--- ACTIVITY ---
Report, word for word, every line of the material that contains "mrestr".

########

Lemma version_ae_eq b f (h : Omega -> R) : version b f ->
  (forall B : set R, measurable B -> <<s g >> (h @^-1` B)) ->
  {ae P, forall w, f w = h w} -> version b h.
Proof.
move=> vf hG fh.
have mhG : measurable_fun setT (h : OG -> R).
  by move=> _ B mB; rewrite setTI; exact: hG.
have mh := measurable_fun_coarse gm (@measurableT _ OG) mhG.
have fhE E : measurable E -> ae_eq P E (EFin \o f) (EFin \o h).
  by move=> _; apply: filterS fh => w /= -> _.
have mfG := measurable_version_coarse vf; have mf := measurable_version vf.
split => //.
- apply/integrableP; split; first exact/measurable_EFinP.
  have -> : \int[P]_x `|(EFin \o h) x| = \int[P]_x `|(EFin \o f) x|.
    apply: ae_eq_integral => //; try exact/measurableT_comp/measurable_EFinP.
    by apply: filterS fh => w /= -> _.
  by case: vf => _ /integrableP[].
- move=> e ge; case: vf => _ _ <-//; apply: ae_eq_integral.
  + exact: sigma_measurable gm _ ge.
  + exact: measurable_EFin_coarse mhG ge.
  + exact: measurable_EFin_coarse mfG ge.
  + exact/ae_eq_sym/fhE/(sigma_measurable gm).
Qed.

Lemma integral_versionM a b f1 f2 : measurable a -> measurable b ->
  version a f1 -> version b f2 -> forall e, <<s g >> e ->
  \int[P]_(x in e) (f1 x * f2 x)%:E = \int[P]_(x in a `&` e) (f2 x)%:E.
Proof.
move=> ma mb v1 v2 e ge.
have e1 := version_ae_unique v1 (cond_probP P gm ma).
have e2 := version_ae_unique v2 (cond_probP P gm mb).
have mfa := measurable_version_coarse (cond_probP P gm ma).
have mfb := measurable_version_coarse (cond_probP P gm mb).
have mf1 := measurable_version_coarse v1; have mf2 := measurable_version_coarse v2.
have me := sigma_measurable gm ge.
transitivity (\int[P]_(x in e) (cond_prob P gm mb x * cond_prob P gm ma x)%:E).
  apply: ae_eq_integral => //.
  - exact: measurable_EFin_coarse (measurable_funM mf1 mf2) ge.
  - exact: measurable_EFin_coarse (measurable_funM mfb mfa) ge.
  - by apply: filterS2 e1 e2 => w /= -> -> _; rewrite mulrC.
rewrite (integral_mul_cond_prob P gm ma mfb (cond_prob_ge0 P gm mb) ge) setIC.
apply: ae_eq_integral => //.
- exact: measurableI.
- exact: measurable_funS me (@subIsetr _ a e) (measurable_EFin_coarse mfb ge).
- exact: measurable_funS me (@subIsetr _ a e) (measurable_EFin_coarse mf2 ge).
- by apply: filterS e2 => w /= -> _.
Qed.

End cond_prob_version.

Section version_sjoin.
Context {R : realType} {d : measure_display} {Omega : measurableType d}.
Variables (P : probability Omega R) (g a : set (set Omega)).
Hypotheses (gm : g `<=` measurable) (am : a `<=` measurable).
Variables (b : set Omega) (mb : measurable b).
Local Open Scope ereal_scope.

Let h := cond_prob P gm mb.
Let Ph (E : set Omega) := \int[P]_(x in E) (h x)%:E.

Let Ph0 : Ph set0 = 0. Proof. exact: integral_set0. Qed.
Let Ph_ge0 E : 0 <= Ph E.
Proof. by apply: integral_ge0 => x _; rewrite lee_fin cond_prob_ge0. Qed.
Let Ph_sigma_additive : semi_sigma_additive Ph.
Proof.
apply: semi_sigma_additive_nng_induced; last by move=> x; rewrite lee_fin cond_prob_ge0.
exact/measurable_EFinP/(measurable_version gm (cond_probP P gm mb)).
Qed.
HB.instance Definition _ := isMeasure.Build _ _ _ Ph Ph0 Ph_ge0 Ph_sigma_additive.

Lemma version_sjoin f : cond_prob_version P <<s g >> b f ->
  (forall x y, <<s g >> x -> <<s a >> y ->
     \int[P]_(w in x `&` y) (f w)%:E = P (b `&` (x `&` y))) ->
  cond_prob_version P (sjoin <<s g >> <<s a >>) b f.
Proof.
move=> vf fxy.
pose pi := [set x `&` y | x in <<s g >> & y in <<s a >>].
have sjm : sjoin <<s g >> <<s a >> `<=` measurable.
  exact/sigma_measurable/sigmaU_measurable.
have pim : pi `<=` measurable.
  by move=> p pip; apply: sjm; rewrite -sigma_image2_setI; exact: sub_sigma_algebra.
have fh := version_ae_unique gm vf (cond_probP P gm mb).
have int_fh E : measurable E -> \int[P]_(w in E) (f w)%:E = Ph E.
  move=> mE; apply: ae_eq_integral => //.
  - exact/measurable_funTS/measurable_EFinP/(measurable_version gm vf).
  - exact/measurable_funTS/measurable_EFinP/(measurable_version gm (cond_probP P gm mb)).
  - by apply: filterS fh => w /= -> _.
case: (vf) => fG fi _; split => // [B mB|e].
  by apply: sub_sjoinl; exact: fG.
rewrite -sigma_image2_setI => pie; rewrite int_fh; last first.
  by apply: sjm; rewrite -sigma_image2_setI.
(* Both sides are finite measures in [e] that agree on the pi-system [pi]. *)
rewrite setIC; apply: (g_sigma_algebra_measure_unique pi pim (fun=> setT)
  _ _ Ph (mrestr P mb)) => //.
- by exists setT; [exact: sigma_setT|exists setT; [exact: sigma_setT|rewrite setIT]].
- exact: bigcup_const.
- exact: setI_closed_image2_setI.
- move=> _ [x gx [y ay <-]]; rewrite /mrestr /= [X in _ = P X]setIC -fxy// int_fh//.
  by apply: pim; exists x => //; exists y.
- by move=> _; apply: integrable_lty => //; case: (cond_probP P gm mb).
Qed.

End version_sjoin.

Section cond_indep.
Context {R : realType} {d : measure_display} {Omega : measurableType d}.
Variable P : probability Omega R.
Local Open Scope ereal_scope.

Definition cond_prob_extends (G G' B : set (set Omega)) :=
  forall b f, B b -> cond_prob_version P G b f -> cond_prob_version P G' b f.

Lemma cond_indepC A B G : cond_indep P A B G -> cond_indep P B A G.
Proof.
move=> AB b a Bb Aa fb fa fba vb va; rewrite setIC => vab.
by apply: filterS (AB a b Aa Bb fa fb fba va vb vab) => w ->; rewrite mulrC.
Qed.

Lemma cond_indepSl A A' B G : A' `<=` A -> cond_indep P A B G -> cond_indep P A' B G.
Proof. by move=> A'A AB a b /A'A; exact: AB. Qed.

Lemma version_lift g g' (gm : g `<=` measurable) (gm' : g' `<=` measurable) b f h :
  <<s g >> `<=` <<s g' >> ->
  cond_prob_version P <<s g >> b f -> cond_prob_version P <<s g' >> b f ->
  cond_prob_version P <<s g >> b h -> cond_prob_version P <<s g' >> b h.
Proof.
move=> gg' vf vf' vh; apply: (version_ae_eq gm' vf').
  by move=> B mB; apply: gg'; case: vh => + _ _; exact.
exact: (version_ae_unique gm vf vh).
Qed.

Lemma cond_prob_extends_of_versions n m (nm : n `<=` measurable)
    (mm : m `<=` measurable) B :
  <<s n >> `<=` <<s m >> ->
  (forall b, B b -> exists f, cond_prob_version P <<s m >> b f /\
     forall C : set R, measurable C -> <<s n >> (f @^-1` C)) ->
  cond_prob_extends <<s n >> <<s m >> B.
Proof.
move=> nm_sub hB b h Bb vh; have [f [vf fn]] := hB b Bb.
exact: (version_lift nm mm nm_sub (cond_prob_version_sub nm_sub vf fn) vf vh).
Qed.

Lemma cond_indepP a g B (am : a `<=` measurable) (gm : g `<=` measurable) :
  B `<=` measurable ->
  cond_indep P <<s a >> B <<s g >> <->
  cond_prob_extends <<s g >> (sjoin <<s g >> <<s a >>) B.
Proof.
move=> Bm; split=> [ind b f Bb vf|ext a' b aa Bb fa fb fab va vb vab].
  have mb := Bm b Bb.
  apply: (version_sjoin gm am mb vf) => x y gx ay.
  have my := sigma_measurable am ay.
  have vy := cond_probP P gm my; have vyb := cond_probP P gm (measurableI _ _ my mb).
  rewrite setIC -(integral_versionM gm my mb vy vf gx).
  transitivity (\int[P]_(w in x) (cond_prob P gm (measurableI _ _ my mb) w)%:E).
    have mx := sigma_measurable gm gx.
    apply: ae_eq_integral => //.
    - apply: measurable_funTS; apply/measurable_EFinP.
      apply: measurable_funM; first exact: (measurable_version gm vy).
      exact: (measurable_version gm vf).
    - exact/measurable_funTS/measurable_EFinP/(measurable_version gm vyb).
    - by apply: filterS (ind y b ay Bb _ _ _ vy vf vyb) => w -> _.
  by case: vyb => _ _ ->//; rewrite setICA setIA.
have mA := sigma_measurable am aa; have mb := Bm b Bb.
apply: (integral_ae_eq_sigma gm).
- exact: measurable_version_coarse vab.
- apply: measurable_funM; [exact: measurable_version_coarse va|].
  exact: measurable_version_coarse vb.
- by case: vab.
move=> e ge; rewrite (integral_versionM gm mA mb va vb ge).
case: vab => _ _ ->//; case: (ext b fb Bb vb) => _ _ ->.
  by rewrite setICA setIA.
by apply: sigma_setI; [exact: sub_sjoinr; exact: sub_sigma_algebra|exact: sub_sjoinl].
Qed.

Lemma cond_indep_weak_union m u g x (mm : m `<=` measurable)
    (um : u `<=` measurable) (gm : g `<=` measurable) (xm : x `<=` measurable) :
  <<s x >> `<=` <<s u >> ->
  cond_indep P <<s m >> <<s u >> <<s g >> ->
  cond_indep P <<s m >> <<s u >> (sjoin <<s x >> <<s g >>).
Proof.
move=> xu /cond_indepC /(cond_indepP um gm (sigma_measurable mm)) ext.
apply/cond_indepC/(cond_indepP um (sigmaU_measurable xm gm)).
  exact: sigma_measurable.
rewrite -/(sjoin <<s x >> <<s g >>) (sjoinC <<s x >>) sjoinA (sjoin_idl xu).
move=> b f mb vf.
have mb' := sigma_measurable mm mb.
have vh := ext b _ mb (cond_probP P gm mb').
have sub_join : sjoin <<s g >> <<s x >> `<=` sjoin <<s g >> <<s u >>.
  apply: sjoin_sub; first exact: sub_sjoinl.
  by move=> y /xu; exact: sub_sjoinr.
apply: (version_lift (sigmaU_measurable gm xm) (sigmaU_measurable gm um) sub_join
  _ vh vf).
apply: (cond_prob_version_sub sub_join vh).
by case: (cond_probP P gm mb') => + _ _ B mB; move/(_ B mB)/sub_sjoinl.
Qed.

Lemma cond_indep_contraction a m g B (am : a `<=` measurable)
    (mm : m `<=` measurable) (gm : g `<=` measurable) :
  B `<=` measurable ->
  cond_indep P <<s m >> B <<s g >> ->
  cond_indep P <<s a >> B (sjoin <<s g >> <<s m >>) ->
  cond_indep P (sjoin <<s m >> <<s a >>) B <<s g >>.
Proof.
move=> Bm /(cond_indepP mm gm Bm) ext_m /(cond_indepP am (sigmaU_measurable gm mm) Bm).
move=> ext_a; apply/(cond_indepP (sigmaU_measurable mm am) gm Bm).
rewrite -/(sjoin <<s m >> <<s a >>) -sjoinA => b f Bb vf.
exact/ext_a/ext_m.
Qed.

End cond_indep.

Section generators.
Context {R : realType} {d : measure_display} {Omega : measurableType d}.

Lemma genX_measurable T (X : R -> Omega -> T) (I : set R) :
  (forall t k, 0 <= t -> measurable (X t @^-1` [set k])) ->
  I `<=` alltimes -> genX X I `<=` measurable.
Proof. by move=> mX I0 _ [s [k [Is ->]]]; exact/mX/I0. Qed.

Lemma genXS T (X : R -> Omega -> T) (I J : set R) : I `<=` J -> genX X I `<=` genX X J.
Proof. by move=> IJ _ [s [k [Is ->]]]; exists s, k; split => //; exact: IJ. Qed.

Lemma genMu_measurable n (mu : 'I_n -> 'I_n -> R -> Omega -> R) (I : set R) :
  (forall j k t, j != k -> 0 <= t -> measurable_fun setT (mu j k t)) ->
  I `<=` alltimes -> genMu mu I `<=` measurable.
Proof.
move=> mmu I0 _ [s [j [k [B [Is jk mB ->]]]]].
by rewrite -(setTI (_ @^-1` _)); exact: mmu jk (I0 s Is) measurableT B mB.
Qed.

Lemma genMuS n (mu : 'I_n -> 'I_n -> R -> Omega -> R) (I J : set R) :
  I `<=` J -> genMu mu I `<=` genMu mu J.
Proof.
by move=> IJ _ [s [j [k [B [Is jk mB ->]]]]]; exists s, j, k, B; split => //; exact: IJ.
Qed.

Lemma FXmu_sub_sjoin T (X : R -> Omega -> T) n (mu : 'I_n -> 'I_n -> R -> Omega -> R)
    (I J : set R) :
  I `<=` J -> FXmu X mu I `<=` sjoin (Fmu mu J) (FX X I).
Proof.
move=> IJ; apply: sigma_sub => s [gX|gmu].
  by apply: sub_sjoinr; exact: sub_sigma_algebra.
by apply: sub_sjoinl; apply: sub_sigma_algebra; exact: genMuS IJ _ gmu.
Qed.

End generators.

########

--- RESPONSE ---
  _ _ Ph (mrestr P mb)) => //.
- move=> _ [x gx [y ay <-]]; rewrite /mrestr /= [X in _ = P X]setIC -fxy// int_fh//.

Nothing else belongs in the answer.